(* Let $A\in\mathbb{R}^{m\times N}$ and $K,S\subset[N]$. Suppose $\mathbb{1}_K$ is the unique solution of $$\min\|x\|_1\ \text{subject to}\ Ax=b,\ x\in[0,1]^N \qquad (P_{\mathrm{bin}})$$ with $b=A\mathbb{1}_K$, and $\mathbb{1}_S$ is the unique solution of $(P_{\mathrm{bin}})$ with $b=A\mathbb{1}_S$. Then $\ker(A)\cap H_K\cap H_{S^c}=\{0\}$.
   Context: $[N]=\{1,\dots,N\}$; $\mathbb{1}_K\in\{0,1\}^N$ denotes the indicator vector of $K$, and $S^c=[N]\setminus S$. For $K\subset[N]$, $H_K=\{w\in\mathbb{R}^N: w_i\le 0 \text{ for } i\in K,\ w_i\ge 0 \text{ for } i\notin K\}$. *)

From mathcomp Require Import all_boot all_order all_algebra.
From mathcomp Require Import reals.
Set Implicit Arguments. Unset Strict Implicit. Unset Printing Implicit Defensive.
Import Order.TTheory GRing.Theory Num.Theory.
Local Open Scope ring_scope.

Definition indic {R : realType} {N : nat} (K : {set 'I_N}) : 'cV[R]_N :=
  \col_i (if i \in K then 1 else 0).

Definition l1norm {R : realType} {N : nat} (x : 'cV[R]_N) : R :=
  \sum_i `|x i 0|.

Definition feasible_bin {R : realType} {m N : nat} (A : 'M[R]_(m, N))
  (b : 'cV[R]_m) (x : 'cV[R]_N) : Prop :=
  A *m x = b /\ (forall i, 0 <= x i 0 <= 1).

Definition unique_sol_Pbin {R : realType} {m N : nat} (A : 'M[R]_(m, N))
  (b : 'cV[R]_m) (x : 'cV[R]_N) : Prop :=
  feasible_bin A b x /\
  (forall z, feasible_bin A b z -> z <> x -> l1norm x < l1norm z).

Definition H_ {R : realType} {N : nat} (K : {set 'I_N}) : {pred 'cV[R]_N} :=
  fun w => [forall i, if i \in K then w i 0 <= 0 else 0 <= w i 0].

From mathcomp Require Import all_boot all_order all_algebra.
From mathcomp Require Import reals.
From mathcomp Require Import lra.
Set Implicit Arguments. Unset Strict Implicit. Unset Printing Implicit Defensive.
Import Order.TTheory GRing.Theory Num.Theory.
Local Open Scope ring_scope.

(* If [1_K] is the unique solution and [d] is a nonzero kernel vector in [H_K],
   then [1_K + t d] is feasible for small [t > 0] and differs from [1_K]; on the
   cube the l1 norm is the sum of the entries, so strict minimality of [1_K]
   forces [sum_i d_i > 0].  Applied to [w] with [K] and to [-w] with [S] (note
   [w \in H_(S^c)] iff [-w \in H_S]) this gives [sum_i w_i > 0 > sum_i w_i]. *)

Section L1Cube.

Variables (R : realType) (N : nat).
Implicit Types (x d : 'cV[R]_N) (K : {set 'I_N}).

Lemma l1norm_nneg x : (forall i, 0 <= x i 0) -> l1norm x = \sum_i x i 0.
Proof. by move=> x_ge0; apply: eq_bigr => i _; rewrite ger0_norm. Qed.

Lemma ler_norm_l1norm x i : `|x i 0| <= l1norm x.
Proof. by rewrite /l1norm (bigD1 i) //= lerDl sumr_ge0. Qed.

Lemma indic_ge0_le1 K i : 0 <= (indic K : 'cV[R]_N) i 0 <= 1.
Proof. by rewrite mxE; case: (i \in K); rewrite ?lexx ?ler01. Qed.

Lemma H_setC K x : (x \in H_ (~: K)) = (- x \in H_ K).
Proof.
apply: eq_forallb => i; rewrite in_setC mxE.
by case: (i \in K); rewrite /= ?oppr_le0 ?oppr_ge0.
Qed.

Lemma H_scale K t d : 0 < t -> d \in H_ K -> t *: d \in H_ K.
Proof.
move=> t_gt0 /forallP dH; apply/forallP => i; have := dH i; rewrite mxE.
by case: (i \in K); rewrite ?pmulr_rle0 ?pmulr_rge0.
Qed.

Lemma indicD_H_ge0_le1 K d :
  d \in H_ K -> (forall i, `|d i 0| <= 1) ->
  forall i, 0 <= (indic K + d) i 0 <= 1.
Proof.
move=> /forallP dH d_le1 i; rewrite !mxE.
have := d_le1 i; have := dH i.
case: (i \in K) => [d_le0|d_ge0].
- by rewrite ler0_norm // => ?; apply/andP; split; lra.
- by rewrite ger0_norm // => ?; apply/andP; split; lra.
Qed.

End L1Cube.

Lemma unique_sol_Pbin_ker_H_sum_gt0 (R : realType) (m N : nat)
  (A : 'M[R]_(m, N)) (K : {set 'I_N}) (d : 'cV[R]_N) :
  unique_sol_Pbin A (A *m indic K) (indic K) ->
  A *m d = 0 -> d \in H_ K -> d != 0 -> 0 < \sum_i d i 0.
Proof.
move=> [_ minK] Ad0 dH d_neq0.
have s_gt0 : 0 < 1 + l1norm d by rewrite ltr_pwDl // sumr_ge0.
set t := (1 + l1norm d)^-1.
have t_gt0 : 0 < t by rewrite invr_gt0.
have td_le1 i : `|(t *: d) i 0| <= 1.
  rewrite mxE normrM gtr0_norm // mulrC ler_pdivrMr // mul1r.
  by rewrite (le_trans (ler_norm_l1norm d i)) // lerDr.
have cube := indicD_H_ge0_le1 (H_scale t_gt0 dH) td_le1.
have feas : feasible_bin A (A *m indic K) (indic K + t *: d).
  by split; rewrite // mulmxDr -scalemxAr Ad0 scaler0 addr0.
have neq : indic K + t *: d <> indic K.
  rewrite -[X in _ <> X]addr0 => /addrI /eqP.
  by rewrite scaler_eq0 (negPf d_neq0) orbF gt_eqF.
have := minK _ feas neq.
rewrite !l1norm_nneg => [|i|i]; last first.
- by case/andP: (indic_ge0_le1 R K i).
- by case/andP: (cube i).
under [X in _ < X]eq_bigr do rewrite mxE [(t *: d) _ _]mxE.
by rewrite big_split -mulr_sumr /= ltrDl pmulr_rgt0.
Qed.

Theorem theorem2p2 (R : realType) (m N : nat) (A : 'M[R]_(m, N))
  (K S : {set 'I_N}) :
  unique_sol_Pbin A (A *m indic K) (indic K) ->
  unique_sol_Pbin A (A *m indic S) (indic S) ->
  forall w : 'cV[R]_N,
    A *m w = 0 -> w \in H_ K -> w \in H_ (~: S) -> w = 0.
Proof.
move=> solK solS w Aw0 wK wS; apply/eqP/negPn/negP => w_neq0.
have sum_gt0 := unique_sol_Pbin_ker_H_sum_gt0 solK Aw0 wK w_neq0.
have : 0 < \sum_i (- w) i 0.
  apply: (unique_sol_Pbin_ker_H_sum_gt0 solS).
  - by rewrite mulmxN Aw0 oppr0.
  - by rewrite -H_setC.
  - by rewrite oppr_eq0.
under eq_bigr do rewrite mxE.
by rewrite sumrN oppr_gt0 ltNge ltW.
Qed.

=== PROBLEM REQUIREMENTS ===
Down to the last line, copy the entries above exactly.

=== SOLVED PROBLEM ===
(* Let $A\in\mathbb{R}^{m\times N}$ and $K,S\subset[N]$. Suppose $\mathbb{1}_K$ is the unique solution of $$\min\|x\|_1\ \text{subject to}\ Ax=b,\ x\in[0,1]^N \qquad (P_{\mathrm{bin}})$$ with $b=A\mathbb{1}_K$, and $\mathbb{1}_S$ is the unique solution of $(P_{\mathrm{bin}})$ with $b=A\mathbb{1}_S$. Then $\ker(A)\cap H_K\cap H_{S^c}=\{0\}$.
   Context: $[N]=\{1,\dots,N\}$; $\mathbb{1}_K\in\{0,1\}^N$ denotes the indicator vector of $K$, and $S^c=[N]\setminus S$. For $K\subset[N]$, $H_K=\{w\in\mathbb{R}^N: w_i\le 0 \text{ for } i\in K,\ w_i\ge 0 \text{ for } i\notin K\}$. *)

From mathcomp Require Import all_boot all_order all_algebra.
From mathcomp Require Import reals.
Set Implicit Arguments. Unset Strict Implicit. Unset Printing Implicit Defensive.
Import Order.TTheory GRing.Theory Num.Theory.
Local Open Scope ring_scope.

Definition indic {R : realType} {N : nat} (K : {set 'I_N}) : 'cV[R]_N :=
  \col_i (if i \in K then 1 else 0).

Definition l1norm {R : realType} {N : nat} (x : 'cV[R]_N) : R :=
  \sum_i `|x i 0|.

Definition feasible_bin {R : realType} {m N : nat} (A : 'M[R]_(m, N))
  (b : 'cV[R]_m) (x : 'cV[R]_N) : Prop :=
  A *m x = b /\ (forall i, 0 <= x i 0 <= 1).

Definition unique_sol_Pbin {R : realType} {m N : nat} (A : 'M[R]_(m, N))
  (b : 'cV[R]_m) (x : 'cV[R]_N) : Prop :=
  feasible_bin A b x /\
  (forall z, feasible_bin A b z -> z <> x -> l1norm x < l1norm z).

Definition H_ {R : realType} {N : nat} (K : {set 'I_N}) : {pred 'cV[R]_N} :=
  fun w => [forall i, if i \in K then w i 0 <= 0 else 0 <= w i 0].

From mathcomp Require Import all_boot all_order all_algebra.
From mathcomp Require Import reals.
From mathcomp Require Import lra.
Set Implicit Arguments. Unset Strict Implicit. Unset Printing Implicit Defensive.
Import Order.TTheory GRing.Theory Num.Theory.
Local Open Scope ring_scope.

(* If [1_K] is the unique solution and [d] is a nonzero kernel vector in [H_K],
   then [1_K + t d] is feasible for small [t > 0] and differs from [1_K]; on the
   cube the l1 norm is the sum of the entries, so strict minimality of [1_K]
   forces [sum_i d_i > 0].  Applied to [w] with [K] and to [-w] with [S] (note
   [w \in H_(S^c)] iff [-w \in H_S]) this gives [sum_i w_i > 0 > sum_i w_i]. *)

Section L1Cube.

Variables (R : realType) (N : nat).
Implicit Types (x d : 'cV[R]_N) (K : {set 'I_N}).

Lemma l1norm_nneg x : (forall i, 0 <= x i 0) -> l1norm x = \sum_i x i 0.
Proof. by move=> x_ge0; apply: eq_bigr => i _; rewrite ger0_norm. Qed.

Lemma ler_norm_l1norm x i : `|x i 0| <= l1norm x.
Proof. by rewrite /l1norm (bigD1 i) //= lerDl sumr_ge0. Qed.

Lemma indic_ge0_le1 K i : 0 <= (indic K : 'cV[R]_N) i 0 <= 1.
Proof. by rewrite mxE; case: (i \in K); rewrite ?lexx ?ler01. Qed.

Lemma H_setC K x : (x \in H_ (~: K)) = (- x \in H_ K).
Proof.
apply: eq_forallb => i; rewrite in_setC mxE.
by case: (i \in K); rewrite /= ?oppr_le0 ?oppr_ge0.
Qed.

Lemma H_scale K t d : 0 < t -> d \in H_ K -> t *: d \in H_ K.
Proof.
move=> t_gt0 /forallP dH; apply/forallP => i; have := dH i; rewrite mxE.
by case: (i \in K); rewrite ?pmulr_rle0 ?pmulr_rge0.
Qed.

Lemma indicD_H_ge0_le1 K d :
  d \in H_ K -> (forall i, `|d i 0| <= 1) ->
  forall i, 0 <= (indic K + d) i 0 <= 1.
Proof.
move=> /forallP dH d_le1 i; rewrite !mxE.
have := d_le1 i; have := dH i.
case: (i \in K) => [d_le0|d_ge0].
- by rewrite ler0_norm // => ?; apply/andP; split; lra.
- by rewrite ger0_norm // => ?; apply/andP; split; lra.
Qed.

End L1Cube.

Lemma unique_sol_Pbin_ker_H_sum_gt0 (R : realType) (m N : nat)
  (A : 'M[R]_(m, N)) (K : {set 'I_N}) (d : 'cV[R]_N) :
  unique_sol_Pbin A (A *m indic K) (indic K) ->
  A *m d = 0 -> d \in H_ K -> d != 0 -> 0 < \sum_i d i 0.
Proof.
move=> [_ minK] Ad0 dH d_neq0.
have s_gt0 : 0 < 1 + l1norm d by rewrite ltr_pwDl // sumr_ge0.
set t := (1 + l1norm d)^-1.
have t_gt0 : 0 < t by rewrite invr_gt0.
have td_le1 i : `|(t *: d) i 0| <= 1.
  rewrite mxE normrM gtr0_norm // mulrC ler_pdivrMr // mul1r.
  by rewrite (le_trans (ler_norm_l1norm d i)) // lerDr.
have cube := indicD_H_ge0_le1 (H_scale t_gt0 dH) td_le1.
have feas : feasible_bin A (A *m indic K) (indic K + t *: d).
  by split; rewrite // mulmxDr -scalemxAr Ad0 scaler0 addr0.
have neq : indic K + t *: d <> indic K.
  rewrite -[X in _ <> X]addr0 => /addrI /eqP.
  by rewrite scaler_eq0 (negPf d_neq0) orbF gt_eqF.
have := minK _ feas neq.
rewrite !l1norm_nneg => [|i|i]; last first.
- by case/andP: (indic_ge0_le1 R K i).
- by case/andP: (cube i).
under [X in _ < X]eq_bigr do rewrite mxE [(t *: d) _ _]mxE.
by rewrite big_split -mulr_sumr /= ltrDl pmulr_rgt0.
Qed.

Theorem theorem2p2 (R : realType) (m N : nat) (A : 'M[R]_(m, N))
  (K S : {set 'I_N}) :
  unique_sol_Pbin A (A *m indic K) (indic K) ->
  unique_sol_Pbin A (A *m indic S) (indic S) ->
  forall w : 'cV[R]_N,
    A *m w = 0 -> w \in H_ K -> w \in H_ (~: S) -> w = 0.
Proof.
move=> solK solS w Aw0 wK wS; apply/eqP/negPn/negP => w_neq0.
have sum_gt0 := unique_sol_Pbin_ker_H_sum_gt0 solK Aw0 wK w_neq0.
have : 0 < \sum_i (- w) i 0.
  apply: (unique_sol_Pbin_ker_H_sum_gt0 solS).
  - by rewrite mulmxN Aw0 oppr0.
  - by rewrite -H_setC.
  - by rewrite oppr_eq0.
under eq_bigr do rewrite mxE.
by rewrite sumrN oppr_gt0 ltNge ltW.
Qed.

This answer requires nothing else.